→ WORK INSTRUCTION: From the entries below, retype only the lines from the one with "exists f : gT" through the one with "(* Let $A\in\mathcal", exactly as written.

[Saved entries]
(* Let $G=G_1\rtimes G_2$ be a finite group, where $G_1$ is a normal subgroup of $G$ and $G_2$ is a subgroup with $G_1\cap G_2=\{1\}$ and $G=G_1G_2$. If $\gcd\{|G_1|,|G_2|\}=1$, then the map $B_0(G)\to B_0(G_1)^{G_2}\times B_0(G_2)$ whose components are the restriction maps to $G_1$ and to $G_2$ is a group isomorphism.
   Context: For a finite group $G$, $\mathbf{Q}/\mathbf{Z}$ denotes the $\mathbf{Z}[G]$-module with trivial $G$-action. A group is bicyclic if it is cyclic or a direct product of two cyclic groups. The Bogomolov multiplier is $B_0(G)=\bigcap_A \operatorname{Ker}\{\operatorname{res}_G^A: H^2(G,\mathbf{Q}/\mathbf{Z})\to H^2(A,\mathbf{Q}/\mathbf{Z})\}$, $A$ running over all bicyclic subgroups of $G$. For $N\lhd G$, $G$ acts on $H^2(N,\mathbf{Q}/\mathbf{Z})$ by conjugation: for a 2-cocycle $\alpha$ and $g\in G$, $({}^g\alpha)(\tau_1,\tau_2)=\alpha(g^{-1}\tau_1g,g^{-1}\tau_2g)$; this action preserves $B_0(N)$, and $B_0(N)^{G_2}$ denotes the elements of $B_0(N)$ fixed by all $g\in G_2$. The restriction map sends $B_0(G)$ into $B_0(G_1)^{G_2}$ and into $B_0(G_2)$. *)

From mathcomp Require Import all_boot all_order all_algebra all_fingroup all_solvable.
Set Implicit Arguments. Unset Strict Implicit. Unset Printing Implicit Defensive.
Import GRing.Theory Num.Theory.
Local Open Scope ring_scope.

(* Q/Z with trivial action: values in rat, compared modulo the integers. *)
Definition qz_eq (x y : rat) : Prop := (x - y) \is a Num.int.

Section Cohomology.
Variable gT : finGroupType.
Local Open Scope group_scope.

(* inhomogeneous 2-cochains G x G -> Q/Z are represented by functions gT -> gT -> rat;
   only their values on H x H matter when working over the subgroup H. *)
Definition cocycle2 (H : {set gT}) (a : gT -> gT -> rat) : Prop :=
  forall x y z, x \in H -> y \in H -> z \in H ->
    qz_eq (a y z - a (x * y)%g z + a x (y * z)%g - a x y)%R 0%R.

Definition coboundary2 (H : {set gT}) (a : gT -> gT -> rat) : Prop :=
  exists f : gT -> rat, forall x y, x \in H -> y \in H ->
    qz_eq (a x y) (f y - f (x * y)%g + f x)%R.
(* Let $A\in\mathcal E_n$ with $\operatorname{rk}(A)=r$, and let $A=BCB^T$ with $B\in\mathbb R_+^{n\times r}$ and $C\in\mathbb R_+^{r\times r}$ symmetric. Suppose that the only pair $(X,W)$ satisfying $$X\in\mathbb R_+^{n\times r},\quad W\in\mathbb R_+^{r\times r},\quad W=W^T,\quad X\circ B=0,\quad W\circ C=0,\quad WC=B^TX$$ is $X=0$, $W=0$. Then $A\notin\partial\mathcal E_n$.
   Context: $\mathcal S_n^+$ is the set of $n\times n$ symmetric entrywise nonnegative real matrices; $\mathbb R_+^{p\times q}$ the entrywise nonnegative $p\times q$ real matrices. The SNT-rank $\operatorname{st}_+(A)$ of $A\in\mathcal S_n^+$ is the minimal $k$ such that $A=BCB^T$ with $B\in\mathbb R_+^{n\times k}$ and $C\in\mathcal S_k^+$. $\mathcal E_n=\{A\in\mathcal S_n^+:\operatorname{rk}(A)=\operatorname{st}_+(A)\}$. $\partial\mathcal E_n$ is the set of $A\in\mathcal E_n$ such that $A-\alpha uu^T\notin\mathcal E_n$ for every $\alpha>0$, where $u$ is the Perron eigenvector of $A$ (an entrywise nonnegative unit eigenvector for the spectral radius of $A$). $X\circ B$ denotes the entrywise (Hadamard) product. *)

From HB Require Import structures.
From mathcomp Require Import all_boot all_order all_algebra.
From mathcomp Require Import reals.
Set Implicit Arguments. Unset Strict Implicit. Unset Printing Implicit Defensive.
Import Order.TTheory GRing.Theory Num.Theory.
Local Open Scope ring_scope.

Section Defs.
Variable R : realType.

--

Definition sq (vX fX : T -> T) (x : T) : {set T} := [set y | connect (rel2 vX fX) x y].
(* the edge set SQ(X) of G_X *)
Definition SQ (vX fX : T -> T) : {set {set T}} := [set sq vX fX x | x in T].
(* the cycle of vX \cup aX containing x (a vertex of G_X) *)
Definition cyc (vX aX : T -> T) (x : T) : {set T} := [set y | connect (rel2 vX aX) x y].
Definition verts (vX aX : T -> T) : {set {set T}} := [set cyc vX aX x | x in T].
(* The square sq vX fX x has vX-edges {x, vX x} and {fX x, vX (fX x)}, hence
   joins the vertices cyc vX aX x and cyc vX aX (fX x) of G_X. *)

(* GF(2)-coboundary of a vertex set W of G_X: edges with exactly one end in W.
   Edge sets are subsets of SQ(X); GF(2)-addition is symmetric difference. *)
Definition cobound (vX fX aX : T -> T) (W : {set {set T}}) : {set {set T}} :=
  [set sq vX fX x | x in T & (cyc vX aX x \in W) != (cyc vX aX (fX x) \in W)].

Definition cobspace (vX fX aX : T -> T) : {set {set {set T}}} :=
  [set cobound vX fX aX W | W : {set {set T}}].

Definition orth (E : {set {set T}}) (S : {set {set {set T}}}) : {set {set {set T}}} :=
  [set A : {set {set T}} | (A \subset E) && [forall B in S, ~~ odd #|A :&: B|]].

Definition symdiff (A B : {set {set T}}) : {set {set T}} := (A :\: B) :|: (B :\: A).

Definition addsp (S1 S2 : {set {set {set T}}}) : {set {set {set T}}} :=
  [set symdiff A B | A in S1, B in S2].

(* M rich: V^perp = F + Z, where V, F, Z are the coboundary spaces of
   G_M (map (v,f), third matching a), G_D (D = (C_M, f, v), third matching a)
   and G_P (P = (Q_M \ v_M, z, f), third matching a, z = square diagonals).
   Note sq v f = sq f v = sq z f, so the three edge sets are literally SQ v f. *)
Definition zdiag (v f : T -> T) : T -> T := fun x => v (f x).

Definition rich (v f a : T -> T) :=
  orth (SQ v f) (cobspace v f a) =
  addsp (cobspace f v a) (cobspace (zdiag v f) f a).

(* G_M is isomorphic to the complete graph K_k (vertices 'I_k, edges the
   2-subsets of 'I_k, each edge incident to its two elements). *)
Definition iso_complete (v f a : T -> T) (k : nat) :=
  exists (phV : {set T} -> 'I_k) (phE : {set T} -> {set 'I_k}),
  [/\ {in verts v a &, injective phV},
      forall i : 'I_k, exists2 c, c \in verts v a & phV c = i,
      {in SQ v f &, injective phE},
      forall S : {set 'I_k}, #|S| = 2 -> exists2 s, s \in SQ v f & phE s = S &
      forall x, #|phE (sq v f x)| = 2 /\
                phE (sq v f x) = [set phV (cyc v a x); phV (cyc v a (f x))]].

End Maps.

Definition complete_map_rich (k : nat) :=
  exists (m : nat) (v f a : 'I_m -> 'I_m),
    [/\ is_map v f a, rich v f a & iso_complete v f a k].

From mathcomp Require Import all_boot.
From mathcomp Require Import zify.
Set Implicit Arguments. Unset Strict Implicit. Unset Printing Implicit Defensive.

...

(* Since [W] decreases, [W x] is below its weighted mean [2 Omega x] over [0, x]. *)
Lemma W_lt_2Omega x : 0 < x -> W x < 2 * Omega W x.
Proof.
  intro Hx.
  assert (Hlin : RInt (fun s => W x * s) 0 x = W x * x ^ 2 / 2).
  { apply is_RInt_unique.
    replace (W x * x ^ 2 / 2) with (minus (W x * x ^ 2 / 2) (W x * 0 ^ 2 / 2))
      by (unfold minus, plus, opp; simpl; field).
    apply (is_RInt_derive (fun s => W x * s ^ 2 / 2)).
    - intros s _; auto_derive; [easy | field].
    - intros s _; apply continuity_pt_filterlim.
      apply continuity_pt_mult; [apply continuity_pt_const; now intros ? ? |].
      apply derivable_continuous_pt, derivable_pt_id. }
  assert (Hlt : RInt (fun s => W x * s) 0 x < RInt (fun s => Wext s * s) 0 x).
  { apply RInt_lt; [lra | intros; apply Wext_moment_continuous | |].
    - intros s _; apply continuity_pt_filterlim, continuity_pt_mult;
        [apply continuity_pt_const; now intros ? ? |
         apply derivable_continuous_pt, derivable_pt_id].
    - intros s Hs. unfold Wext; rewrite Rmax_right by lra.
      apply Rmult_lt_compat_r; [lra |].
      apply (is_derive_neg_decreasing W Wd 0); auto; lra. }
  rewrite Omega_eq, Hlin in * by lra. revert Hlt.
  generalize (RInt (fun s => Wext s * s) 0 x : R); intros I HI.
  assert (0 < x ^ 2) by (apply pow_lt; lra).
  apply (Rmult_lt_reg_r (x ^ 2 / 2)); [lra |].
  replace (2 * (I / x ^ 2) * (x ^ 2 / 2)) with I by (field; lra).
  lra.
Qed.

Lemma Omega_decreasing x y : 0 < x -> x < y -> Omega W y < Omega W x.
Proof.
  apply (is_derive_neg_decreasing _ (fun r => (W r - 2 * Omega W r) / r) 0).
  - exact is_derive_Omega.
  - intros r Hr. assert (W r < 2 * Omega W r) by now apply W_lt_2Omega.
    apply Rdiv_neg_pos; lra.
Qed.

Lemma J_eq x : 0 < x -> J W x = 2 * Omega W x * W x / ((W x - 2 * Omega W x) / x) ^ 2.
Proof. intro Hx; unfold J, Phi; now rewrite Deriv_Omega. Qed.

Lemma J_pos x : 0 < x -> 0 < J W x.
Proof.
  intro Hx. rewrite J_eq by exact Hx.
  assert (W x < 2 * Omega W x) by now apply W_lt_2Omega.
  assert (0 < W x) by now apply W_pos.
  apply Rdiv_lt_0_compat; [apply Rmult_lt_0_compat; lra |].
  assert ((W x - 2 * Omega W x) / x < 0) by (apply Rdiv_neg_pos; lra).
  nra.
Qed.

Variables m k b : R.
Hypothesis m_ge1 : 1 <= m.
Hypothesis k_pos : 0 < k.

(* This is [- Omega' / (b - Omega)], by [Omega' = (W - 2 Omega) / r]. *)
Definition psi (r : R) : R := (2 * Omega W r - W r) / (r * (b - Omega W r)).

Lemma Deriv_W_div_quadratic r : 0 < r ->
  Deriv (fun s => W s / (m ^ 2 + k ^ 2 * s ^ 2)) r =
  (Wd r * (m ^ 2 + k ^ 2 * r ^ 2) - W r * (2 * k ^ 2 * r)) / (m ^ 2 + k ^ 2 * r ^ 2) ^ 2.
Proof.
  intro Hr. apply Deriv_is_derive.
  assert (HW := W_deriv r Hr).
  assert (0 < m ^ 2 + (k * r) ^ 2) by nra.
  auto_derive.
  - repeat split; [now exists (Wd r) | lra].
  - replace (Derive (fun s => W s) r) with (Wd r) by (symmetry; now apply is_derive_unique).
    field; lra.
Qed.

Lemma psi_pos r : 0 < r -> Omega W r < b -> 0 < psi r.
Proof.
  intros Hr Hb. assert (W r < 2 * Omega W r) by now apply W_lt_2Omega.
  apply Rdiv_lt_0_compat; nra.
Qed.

→ RESPONSE TO THIS TASK:
  exists f : gT -> rat, forall x y, x \in H -> y \in H ->
    qz_eq (a x y) (f y - f (x * y)%g + f x)%R.
(* Let $A\in\mathcal E_n$ with $\operatorname{rk}(A)=r$, and let $A=BCB^T$ with $B\in\mathbb R_+^{n\times r}$ and $C\in\mathbb R_+^{r\times r}$ symmetric. Suppose that the only pair $(X,W)$ satisfying $$X\in\mathbb R_+^{n\times r},\quad W\in\mathbb R_+^{r\times r},\quad W=W^T,\quad X\circ B=0,\quad W\circ C=0,\quad WC=B^TX$$ is $X=0$, $W=0$. Then $A\notin\partial\mathcal E_n$.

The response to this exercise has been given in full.